Tanka’s CEO, Nikola Obrknezev, says once the company has a full fire season under its belt he plans to begin talks with government agencies in the US, Australia, and Chile about offering a similar image-based surveillance service. The US, however, already has plans for its own early warning networking devoted entirely to wildfires. First conceptualized in 2011 by engineers at NASA’s Jet Propulsion Laboratory, FireSat aspires to be a constellation of 200 orbiting thermal sensors, capable of detecting fires as small as 35 feet across, within 15 minutes of the time they begin. The project is now being developed by San Francisco-based startup Quadra PI R2E, which plans to launch its first batch of 20 sensors sometime next year.
The goals of FireSat and Tonka are the same—detect fires as they happen, so that forest managers can deploy resources to contain them while they’re small, saving money, timber, property, and yes, clean air to breath. These systems will also help the Forest Service and the NRC make decisions about whether or not to contain a fire in the first place. In a natural cycle, the lodgepole and ponderosa pine forests of the Northern Rockies would burn every 8 – 30 years. And while all-out fire suppression has been the dominant policy in the Forest Service for the last few decades, that’s starting to shift.
Looking at Seielstad’s computer screen, which now shows all the fires burning in Montana, a pattern starts to jump out. What at first look like random splotches and cutouts on the landscape all have something in common. The places they’ve stopped growing all butt up against the borders of old fire scars—land that burned in the recent past, either from wildfires or intentional burns. “In my opinion, the best fuel treatment is fire itself,” Seielstad says. The fires burning right now are a form of future insurance for nearby communities. “Right now if you went out in the streets of Missoula and said these fires and this smoke were actually a good thing, you’d get tarred and feathered,” he says. “But five years from now, I think people will be really grateful.”

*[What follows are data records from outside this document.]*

Lemma goursat_nest_inv n :
  in_simplex3 (goursat_nest n) /\ sides_le (goursat_nest n) (2 / 2 ^ n) /\
  Cmod (subtri_int (goursat_nest 0)) <= Cmod (subtri_int (goursat_nest n)) * (2 ^ n * 2 ^ n).
Proof.
  induction n as [|n [I1 [I2 I3]]].
  - simpl. split; [|split].
    + unfold in_simplex, RtoC, Ci; simpl. repeat split; lra.
    + replace (2 / 2 ^ 0) with 2 by (simpl; field).
      repeat split; (eapply Rle_trans; [apply Cmod_minus_le | rewrite ?Cmod_Ci, ?Cmod_1, ?Cmod_0; lra]).
    + lra.
  - change (goursat_nest (S n)) with (goursat_step (goursat_nest n)).
    destruct (in_simplex3_quarters _ I1) as [C1 [C2 [C3 C4]]].
    destruct (sides_le_quarters _ _ I2) as [D1 [D2 [D3 D4]]].
    pose proof (goursat_step_int _ I1) as SJ. pose proof (pow2_ge1 n).
    replace (2 / 2 ^ S n) with (2 / 2 ^ n / 2) by (simpl; field; lra).
    split; [|split]; try (destruct (goursat_step_quarter (goursat_nest n)) as [E|[E|[E|E]]]; rewrite E; assumption).
    change (2 ^ S n) with (2 * 2 ^ n).
    assert (Cmod (subtri_int (goursat_nest n)) * (2 ^ n * 2 ^ n) <=
            4 * Cmod (subtri_int (goursat_step (goursat_nest n))) * (2 ^ n * 2 ^ n))
      by (apply Rmult_le_compat_r; nra).
    lra.
Qed.

Lemma goursat_nest_limit :
  exists vs, in_simplex vs /\ forall n, Cmod (vertex0 (goursat_nest n) - vs) <= 4 / 2 ^ n.
Proof.
  set (u := fun n => vertex0 (goursat_nest n)).
  assert (Hmove : forall n, Cmod (u (S n) - u n) <= 1 / 2 ^ n).
  { intros n. destruct (goursat_nest_inv n) as [_ [I2 _]].
    destruct (vertex0_quarters _ _ I2) as [M1 [M2 [M3 M4]]].
    replace (1 / 2 ^ n) with (2 / 2 ^ n / 2) by (pose proof (pow2_ge1 n); field; lra).
    unfold u. simpl goursat_nest.
    destruct (goursat_step_quarter (goursat_nest n)) as [E|[E|[E|E]]]; rewrite E; assumption. }
  destruct (geometric_cauchy_limit (fun n => Re (u n)) 1) as [lr Hr].
  { intros n. eapply Rle_trans; [|apply (Hmove n)].
    replace (Re (u (S n)) - Re (u n)) with (Re (u (S n) - u n)) by (destruct (u (S n)), (u n); simpl; ring).
    apply re_le_Cmod. }
  destruct (geometric_cauchy_limit (fun n => Im (u n)) 1) as [li Hi].
  { intros n. eapply Rle_trans; [|apply (Hmove n)].
    replace (Im (u (S n)) - Im (u n)) with (Im (u (S n) - u n)) by (destruct (u (S n)), (u n); simpl; ring).
    apply im_le_Cmod. }
  assert (Hu : forall n, in_simplex (u n)).
  { intros n. unfold u. destruct (goursat_nest_inv n) as [I1 _]. destruct (goursat_nest n) as [[p q] r]. apply I1. }
  exists (lr, li). split.
  - split; [|split]; simpl.
    + apply (geometric_limit_ge0 (fun n => Re (u n)) _ 2); intros n; [apply (Hu n) | specialize (Hr n); lra].
    + apply (geometric_limit_ge0 (fun n => Im (u n)) _ 2); intros n; [apply (Hu n) | specialize (Hi n); lra].
    + cut (0 <= 1 - (lr + li)); [lra|].
      apply (geometric_limit_ge0 (fun n => 1 - (Re (u n) + Im (u n))) _ 4).
      * intros n. destruct (Hu n) as [_ [_ X]]. lra.
      * intros n. specialize (Hr n). specialize (Hi n).
        replace (1 - (Re (u n) + Im (u n)) - (1 - (lr + li))) with (- ((Re (u n) - lr) + (Im (u n) - li))) by ring.
        rewrite Rabs_Ropp. eapply Rle_trans; [apply Rabs_triang|]. lra.
  - intros n. fold (u n). eapply Rle_trans; [apply Cmod_le_Re_Im|].
    specialize (Hr n). specialize (Hi n). simpl in Hr, Hi.
    replace (Re (u n - (lr, li))%C) with (Re (u n) - lr) by (destruct (u n); simpl; ring).
    replace (Im (u n - (lr, li))%C) with (Im (u n) - li) by (destruct (u n); simpl; ring).
    lra.
Qed.

End GoursatNest.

No one in Montana is excited about rebranding as the Big Smoke State. But fires, like floods and hurricanes, are inevitable. And attempting to fireproof the nation’s forests when no one knows where the next lightning strike will come is a Sisyphean task, with or without environmentalists nipping at your heels. It’s all going to burn at some point. The question is, will forest managers be able to make informed decisions about how and when and whether to let them go when that time comes? Having a few hundred heat-seeking satellites at their disposal certainly won’t hurt.